» Your objective
Give back, word for word, the lines in the listing below from the one holding "apply/negP => j_lt;" down to the one holding "Section PathOfCliques.", both ends included.

» Entries supplied
(* Let $k\geq 3$ be an integer and $\ell\geq 2$ an even integer, and let $G_1^{\{\ell,k\}}$ and $G_2^{\{\ell,k\}}$ be the indistinguishability graphs (for a fixed permutation $\sigma\neq\mathrm{id}$ of $[k]$). Let $\chi_1$ and $\chi_2$ be arbitrary $k$-partial $k$-colorings of $G_1^{\{\ell,k\}}$ and $G_2^{\{\ell,k\}}$, respectively. Then (1) $\chi_1((i,1))=\chi_1((i,\ell))$ for every $i\in[k]$; and (2) there exists $j\in[k]$ with $\chi_2((j,1))\neq\chi_2((j,\ell))$.
   Context: Let $[m]=\{1,\dots,m\}$. A $k$-partial $c$-coloring of a graph $H=(V,E)$ is a map $\gamma:V\to\{1,\dots,c\}$ such that every vertex $v$ has at least $\min\{k,\deg_H(v)\}$ neighbors $u$ with $\gamma(u)\neq\gamma(v)$. Path of cliques: for permutations $\tau_1,\dots,\tau_{\ell-1}$ of $[k]$, $P(\tau_1,\dots,\tau_{\ell-1})$ has vertex set $[k]\times[\ell]$ and edges $\{(a,i),(b,i)\}$ for $a\neq b$, $i\in[\ell]$, and $\{(a,i),(b,i+1)\}$ for $i\in[\ell-1]$, $a,b\in[k]$, $b\neq\tau_i(a)$. The $k$-edge-gadget transformation: given a graph $G$ and for each edge a chosen ordered pair $(u,v)$, keep all vertices of $G$, delete each edge $\{u,v\}$, and add $k$ new vertices $(u,v,1),\dots,(u,v,k)$ forming a clique together with edges $\{u,(u,v,j)\}$ for $j=1,\dots,k-1$ and $\{v,(u,v,k)\}$. Indistinguishability graphs: let $G_1=P(\tau_1,\dots,\tau_{\ell-1})$ with all $\tau_i=\mathrm{id}$, and $G_2=P(\tau_1',\dots,\tau_{\ell-1}')$ with $\tau_i'=\mathrm{id}$ for $i\neq \ell/2$ and $\tau'_{\ell/2}=\sigma$, where $\sigma$ is a fixed permutation of $[k]$ different from the identity. $G_1^{\{\ell,k\}}$ (resp. $G_2^{\{\ell,k\}}$) is obtained from $G_1$ (resp. $G_2$) by the $k$-edge-gadget transformation, where an edge $\{(a,i),(b,i)\}$ with $a<b$ is oriented as $((a,i),(b,i))$ and an edge $\{(a,i),(b,i+1)\}$ is oriented as $((a,i),(b,i+1))$. The vertices $(i,1)$ and $(i,\ell)$ are original vertices of the path of cliques. *)

From HB Require Import structures.
From mathcomp Require Import all_boot all_order all_fingroup.
Set Implicit Arguments. Unset Strict Implicit. Unset Printing Implicit Defensive.

(* Conventions: [k] is 'I_k (0-indexed), [l] is 'I_l; vertex (a,i) of the
   path of cliques is the pair (a, i) : 'I_k * 'I_l. *)

Definition partial_coloring (V : finType) (adj : rel V) (k c : nat)
  (g : V -> 'I_c) : Prop :=
  forall v : V,
    minn k #|[set u | adj v u]| <= #|[set u | adj v u & g u != g v]|.

(* Path of cliques P(tau_1,...,tau_{l-1}); tau i (0-indexed column i) is the
   permutation between column i and column i+1 (= tau_{i+1} of the paper). *)
Definition path_cliques (k l : nat) (tau : nat -> {perm 'I_k})
  : rel ('I_k * 'I_l) :=
  fun x y =>
    [|| (x.2 == y.2) && (x.1 != y.1),
        (y.2 == x.2.+1 :> nat) && (y.1 != tau x.2 x.1)
      | (x.2 == y.2.+1 :> nat) && (x.1 != tau y.2 y.1)].

Definition path_cliques_or (k l : nat) (tau : nat -> {perm 'I_k})
  : rel ('I_k * 'I_l) :=
  fun x y => path_cliques tau x y &&
    (if x.2 == y.2 then x.1 < y.1 else y.2 == x.2.+1 :> nat).

(* Vertices of the k-edge-gadget transformation of a graph on T whose edges
   are given with orientation o (o u v: edge {u,v} oriented as (u,v)):
   the original vertices, plus (u,v,j) for every oriented edge, j in [k]. *)
Definition gadget_vertex (T : finType) (k : nat) (o : rel T) :=
  (T + {x : T * T * 'I_k | o x.1.1 x.1.2})%type.

(* Adjacency: the (u,v,_) form a clique; u ~ (u,v,j) for j = 1..k-1
   (0-indexed j < k-1); v ~ (u,v,k) (0-indexed j = k-1); all edges of the
   original graph are deleted. *)
Definition gadget_adj (T : finType) (k : nat) (o : rel T)
  : rel (gadget_vertex k o) :=
  fun x y =>
    match x, y with
    | inl _, inl _ => false
    | inr p, inr q => ((val p).1 == (val q).1) && ((val p).2 != (val q).2)
    | inl w, inr p | inr p, inl w =>
        let '(u, v, j) := val p in
        ((w == u) && (j < k.-1)) || ((w == v) && (j == k.-1 :> nat))
    end.

Definition tau_G1 (k : nat) : nat -> {perm 'I_k} := fun _ => 1%g.
(* tau'_{l/2} = sigma (1-indexed), i.e. 0-indexed column i with i+1 = l/2 *)
Definition tau_G2 (k l : nat) (sigma : {perm 'I_k}) : nat -> {perm 'I_k} :=
  fun i => if i.+1 == l./2 then sigma else 1%g.

Definition G1_vertex (k l : nat) :=
  gadget_vertex k (@path_cliques_or k l (tau_G1 k)).
Definition G1_adj (k l : nat) : rel (G1_vertex k l) :=
  @gadget_adj _ k (@path_cliques_or k l (tau_G1 k)).
Definition G2_vertex (k l : nat) (sigma : {perm 'I_k}) :=
  gadget_vertex k (@path_cliques_or k l (tau_G2 l sigma)).
Definition G2_adj (k l : nat) (sigma : {perm 'I_k}) : rel (G2_vertex l sigma) :=
  @gadget_adj _ k (@path_cliques_or k l (tau_G2 l sigma)).

From HB Require Import structures.
From mathcomp Require Import all_boot all_order all_fingroup.
From mathcomp Require Import zify.
Set Implicit Arguments. Unset Strict Implicit. Unset Printing Implicit Defensive.

(* A vertex of an edge gadget has at most k neighbours, so a k-partial
   k-coloring gives it a colour distinct from all of them.  The k gadget
   vertices of an edge {u,v} then use all k colours; the one coloured like u
   cannot be adjacent to u, so it is the one adjacent to v, and u, v get
   different colours.  Thus the original vertices carry a proper k-coloring
   of the path of cliques, in which every column is rainbow and the colour of
   (a,i) reappears at (tau_i(a), i+1).  Along G1 colours are carried
   unchanged from the first column to the last; along G2 they are permuted
   once by sigma, which moves some j. *)

Lemma partial_coloring_small_nbhd (V : finType) (adj : rel V) (k c : nat)
    (g : V -> 'I_c) (v u : V) :
  partial_coloring adj k g -> #|[set w | adj v w]| <= k ->
  adj v u -> g u != g v.
Proof.
move=> Hg small adj_vu.
have := Hg v; rewrite (minn_idPr small) => card_diff.
have sub : [set w | adj v w & g w != g v] \subset [set w | adj v w].
  by apply/subsetP => w; rewrite !inE => /andP [].
have /eqP diff_all : [set w | adj v w & g w != g v] == [set w | adj v w].
  by rewrite eqEcard sub card_diff.
have : u \in [set w | adj v w] by rewrite inE.
by rewrite -diff_all inE => /andP [].
Qed.

Section EdgeGadget.
Variables (T : finType) (k : nat) (o : rel T) (u v : T).
Hypotheses (k_gt0 : 0 < k) (o_uv : o u v).

Definition gadget_copy (j : 'I_k) : gadget_vertex k o :=
  inr (exist (fun x : T * T * 'I_k => o x.1.1 x.1.2) (u, v, j) o_uv).

Lemma gadget_copy_nbhd_card (j : 'I_k) :
  #|[set y | gadget_adj (gadget_copy j) y]| <= k.
Proof.
pose nbr (j' : 'I_k) : gadget_vertex k o :=
  if j' == j then (if j < k.-1 then inl u else inl v) else gadget_copy j'.
have sub : [set y | gadget_adj (gadget_copy j) y] \subset nbr @: setT.
  apply/subsetP => -[w|[[[u' v'] j'] o_uv']]; rewrite inE /=.
    case/orP => [/andP [/eqP -> j_lt]|/andP [/eqP -> /eqP j_eq]];
      apply/imsetP; exists j => //; rewrite /nbr eqxx ?j_lt //.
    by rewrite j_eq ltnn.
  case/andP => /eqP [u_eq v_eq] j'_neq; subst u' v'.
  apply/imsetP; exists j' => //.
  rewrite /nbr eq_sym (negbTE j'_neq).
  by congr inr; apply: val_inj.
rewrite (leq_trans (subset_leq_card sub)) //.
by rewrite (leq_trans (leq_imset_card _ _)) // cardsT card_ord.
Qed.

Variable g : gadget_vertex k o -> 'I_k.
Hypothesis g_col : partial_coloring (@gadget_adj T k o) k g.

Lemma gadget_copy_color_neq (j : 'I_k) y :
  gadget_adj (gadget_copy j) y -> g y != g (gadget_copy j).
Proof.
exact: partial_coloring_small_nbhd g_col (gadget_copy_nbhd_card j).
Qed.

Lemma gadget_copy_color_inj : injective (fun j => g (gadget_copy j)).
Proof.
move=> j j' /= e; apply/eqP; apply: contraT => j_neq.
have := @gadget_copy_color_neq j (gadget_copy j').
by rewrite /= eqxx j_neq e eqxx => /(_ isT).
Qed.

Lemma gadget_ends_color_neq : g (inl u) != g (inl v).
Proof.
have /codomP [j gu] := inj_card_onto gadget_copy_color_inj (leqnn _) (g (inl u)).
have j_last : j = k.-1 :> nat.
  apply/eqP; rewrite eqn_leq -ltnS prednK ?ltn_ord // leqNgt.
  apply/negP => j_lt; have := @gadget_copy_color_neq j (inl u).
  by rewrite /= eqxx j_lt -gu eqxx => /(_ isT).
have := @gadget_copy_color_neq j (inl v).
by rewrite /= eqxx j_last eqxx orbT -gu eq_sym => /(_ isT).
Qed.

End EdgeGadget.

Section PathOfCliques.
Variables (k l : nat) (tau : nat -> {perm 'I_k}) (c : 'I_k * 'I_l -> 'I_k).
Hypothesis c_proper : forall x y, path_cliques_or tau x y -> c x != c y.

Lemma column_color_inj (i : 'I_l) : injective (fun a => c (a, i)).
Proof.
move=> a b /= e; apply/eqP; apply: contraT => a_neq.
wlog a_lt : a b e a_neq / a < b.
  move=> wlog_lt; have [|b_lt|/val_inj ab] := ltngtP a b; first exact: wlog_lt.
    by apply: (wlog_lt b a); rewrite 1?eq_sym.
  by rewrite ab eqxx in a_neq.
have := @c_proper (a, i) (b, i).
by rewrite /path_cliques_or /path_cliques /= eqxx a_neq a_lt e eqxx => /(_ isT).
Qed.

Lemma next_column_color (a : 'I_k) (i j : 'I_l) : j = i.+1 :> nat ->
  c (a, i) = c (tau i a, j).
Proof.
move=> j_next.
have /codomP [b cb] := inj_card_onto (@column_color_inj j) (leqnn _) (c (a, i)).
rewrite cb; have [-> //|b_neq] := eqVneq b (tau i a).
have ij : (i == j) = false by rewrite -val_eqE /= j_next ltn_eqF.
have := @c_proper (a, i) (b, j).
by rewrite /path_cliques_or /path_cliques /= ij j_next eqxx b_neq cb eqxx => /(_ isT).
Qed.

Lemma column_color_const (a : 'I_k) (p q : 'I_l) :
  p <= q -> (forall i, p <= i < q -> tau i = 1%g) -> c (a, p) = c (a, q).
Proof.
have [n q_n] : {n | q = n :> nat} by exists q.
elim: n q q_n => [|n IH] q q_n p_le tau1.
  by congr (c (a, _)); apply: ord_inj; lia.
have [/ord_inj -> //|p_neq] := eqVneq (p : nat) q.
have n_lt : n < l by move: (ltn_ord q); lia.
rewrite (IH (Ordinal n_lt)) //=; last 2 first.
- lia.
- by move=> i i_range; apply: tau1; lia.
by rewrite (@next_column_color a (Ordinal n_lt) q) //= tau1 ?perm1 //; lia.
Qed.

Lemma column_color_twist (a : 'I_k) (p r r' q : 'I_l) :
  p <= r -> r' = r.+1 :> nat -> r' <= q ->
  (forall i, p <= i < q -> i != r -> tau i = 1%g) ->
  c (a, p) = c (tau r a, q).
Proof.
move=> p_le r_next r'_le tau1.
rewrite (column_color_const a p_le) ?(next_column_color a r_next).
  by apply: column_color_const => // i i_range; apply: tau1; lia.
by move=> i i_range; apply: tau1; lia.
Qed.

End PathOfCliques.

Lemma tau_G2_id (k l : nat) (sigma : {perm 'I_k}) (i : nat) :
  i.+1 != l./2 -> tau_G2 l sigma i = 1%g.
Proof. by rewrite /tau_G2 => /negbTE ->. Qed.

Lemma perm_neq1_moved (T : finType) (s : {perm T}) : s != 1%g -> exists x, s x != x.
Proof.
move=> s_neq; apply/existsP; apply: contraR s_neq => /existsPn fixed.
by apply/eqP/permP => x; rewrite perm1; apply/eqP/negbNE.
Qed.

Theorem fact1 (k l : nat) (hk : 3 <= k) (hl : 2 <= l) (hev : ~~ odd l)
  (sigma : {perm 'I_k}) (hsigma : sigma != 1%g)
  (chi1 : G1_vertex k l -> 'I_k) (chi2 : G2_vertex l sigma -> 'I_k) :
  partial_coloring (@G1_adj k l) k chi1 ->
  partial_coloring (@G2_adj k l sigma) k chi2 ->
  (forall (i : 'I_k) (p q : 'I_l), val p = 0 -> val q = l.-1 ->
     chi1 (inl (i, p)) = chi1 (inl (i, q))) /\
  (exists (j : 'I_k) (p q : 'I_l), [/\ val p = 0, val q = l.-1 &
     chi2 (inl (j, p)) != chi2 (inl (j, q))]).
Proof.
move=> chi1_col chi2_col; have k_gt0 : 0 < k by lia.
have c1_proper x y (o_xy : path_cliques_or (tau_G1 k) x y) :=
  gadget_ends_color_neq k_gt0 o_xy chi1_col.
have c2_proper x y (o_xy : path_cliques_or (tau_G2 l sigma) x y) :=
  gadget_ends_color_neq k_gt0 o_xy chi2_col.
split=> [i p q p0 q_last|].
  by apply: (column_color_const c1_proper); rewrite p0.
have l_half : l./2 + l./2 = l by rewrite addnn -[RHS]odd_double_half (negbTE hev).
have [first_lt mid_pred_lt mid_lt last_lt] :
  [/\ 0 < l, l./2.-1 < l, l./2 < l & l.-1 < l] by split; lia.
pose p : 'I_l := Ordinal first_lt; pose q : 'I_l := Ordinal last_lt.
have twist x : chi2 (inl (x, p)) = chi2 (inl (sigma x, q)).
  have tau_mid : tau_G2 l sigma l./2.-1 = sigma.
    by rewrite /tau_G2 prednK ?eqxx //; lia.
  rewrite (@column_color_twist _ _ _ _ c2_proper x p (Ordinal mid_pred_lt)
    (Ordinal mid_lt) q) /= ?tau_mid //; [lia | lia |].
  by move=> i _ i_neq; apply: tau_G2_id; lia.
have [j sigma_j] := perm_neq1_moved hsigma.
exists j, p, q; split=> //; rewrite twist.
by apply: contra sigma_j => /eqP /(column_color_inj c2_proper) ->.
Qed.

» Response to this task
  apply/negP => j_lt; have := @gadget_copy_color_neq j (inl u).
  by rewrite /= eqxx j_lt -gu eqxx => /(_ isT).
have := @gadget_copy_color_neq j (inl v).
by rewrite /= eqxx j_last eqxx orbT -gu eq_sym => /(_ isT).
Qed.

End EdgeGadget.

Section PathOfCliques.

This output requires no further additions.